The cocktail world, too, is no stranger to the allure of a good mashup (see: the Cosmogroni and the Cosmojito). But if there were one hybrid category suited to our current moment, it would have to be the aperitivo sour. Easy to make and easier to drink, the aperitivo sour marries the best of both worlds, all crowned with a blanket of cloudlike froth.
Take, for instance, Misi’s Negroni Sour. In keeping with the simplicity of aperitivo culture—and the Italian cooking at the Brooklyn restaurant—the recipe hews quite closely to a classic Negroni base: gin, red bitter, and blanc vermouth in lieu of sweet vermouth, all in equal parts.
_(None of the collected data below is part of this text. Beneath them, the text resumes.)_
Local Notation C y := (tofrac (y%:MP : {mpoly K[n]})).
Local Notation X i := (tofrac ('X_i : {mpoly K[n]})).

Lemma tofrac_neq0_meval (p : {mpoly K[n]}) (v : 'I_n -> K) : meval v p != 0 -> tofrac p != 0.
Proof. by rewrite tofrac_eq0; apply: contraNneq => ->; rewrite raddf0. Qed.

Lemma tofrac_X_inj : injective (fun i : 'I_n => X i).
Proof.
move=> i j /eqP; rewrite tofrac_eq => /eqP /(congr1 (meval (fun k => (k == i)%:R))).
by rewrite !mevalXU eqxx; case: (j =P i) => [-> //| _] /eqP; rewrite oner_eq0.
Qed.

Variables (a b c : K).

Lemma disc_C : disc (C a) (C b) (C c) = C (disc a b c).
Proof. by rewrite /disc !(rmorphB, rmorphM, rmorphXn). Qed.

Hypotheses (two_neq0 : 2%:R != 0 :> K) (disc_neq0 : disc a b c != 0).

Lemma pden_X_neq0 i j : pden (C a) (C b) (C c) (X i) (X j) != 0.
Proof.
have [t den_t] := exists_pden_diag_neq0 two_neq0 disc_neq0.
rewrite /pden -!(rmorphD, rmorphM); apply: (tofrac_neq0_meval (v := fun=> t)).
by rewrite !(rmorphD, rmorphM) /= !mevalC !mevalXU.
Qed.

Lemma den_lead_X_neq0 i : den_lead (C a) (C b) (X i) != 0.
Proof.
have [t lead_t] := exists_den_lead_neq0 disc_neq0.
rewrite /den_lead -!(rmorphD, rmorphM); apply: (tofrac_neq0_meval (v := fun=> t)).
by rewrite !(rmorphD, rmorphM) /= !mevalC !mevalXU.
Qed.

End RationalFunctions.

Lemma fpairE (a b c : CC) n (i j : 'I_n) : fpair a b c i j =
  pfrac (tofrac a%:MP) (tofrac b%:MP) (tofrac c%:MP) (tofrac 'X_i) (tofrac 'X_j).
Proof. by rewrite /fpair /pfrac /pden !(rmorphB, rmorphD, rmorphM). Qed.

Theorem mainTheorem11 (a b c : CC) (n : nat) :
  (b ^+ 2 = a * c + 1 \/ b ^+ 2 = a * c - 1) ->
  ~~ odd n ->
  pfaffian (fpair a b c) =
  \prod_(i < n) \prod_(j < n | (i < j)%N) fpair a b c i j.
Proof.
move=> disc_pm1 even_n.
have disc_sq : disc a b c ^+ 2 = 1 by rewrite /disc; case: disc_pm1 => ->; ring.
have two_neq0 : 2%:R != 0 :> CC by rewrite Num.Theory.pnatr_eq0.
rewrite (eq_pfaffian (@fpairE a b c n)).
under eq_bigr do under eq_bigr do rewrite fpairE.
apply: pfaffian_pfrac => //.
- by rewrite disc_C -!rmorphXn disc_sq !rmorph1.
- exact: tofrac_X_inj.
- exact: pden_X_neq0 two_neq0 (disc_neq0 disc_sq).
- exact: den_lead_X_neq0 (disc_neq0 disc_sq).
Qed.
But to bring the most out of the formula, the recipe calls for a house bitter blend for added dimension, while both orange and lemon juices bring the requisite acidity and land the drink firmly in sour territory.
In Los Angeles, Dan Sabo brings the sour treatment to the Negroni’s predecessor, the Milano-Torino. The most minimalist entry in the aperitivo canon, the two-ingredient Milano-Torino, or “Mi-To” as it’s affectionately known, is also one of the most flexible templates. Typically comprising equal parts Campari and sweet vermouth, the drink shines when personalized—as Sabo demonstrates with a base of Campari and dry vermouth, complemented by both grapefruit and lime juices and an egg white for a frothy finish.
A more contemporary entrant to the aperitivo field, the modern classic White Negroni likewise benefits from a hit of citrus and a topping of froth. In his White Negroni Sour, Orlando Franklin McCray swaps the traditional Lillet Blanc for Mattei Cap Corse Blanc quinquina, which adds spice, depth and a subtle bitterness. Lemon juice and a vegan foaming agent (in lieu of egg white) deliver the expected sour qualities. Here at Punch, we’ve also experimented with the hybrid format. In our Campari Sour, we combine the red bitter with grapefruit and lime juices and an egg white because, well, obviously.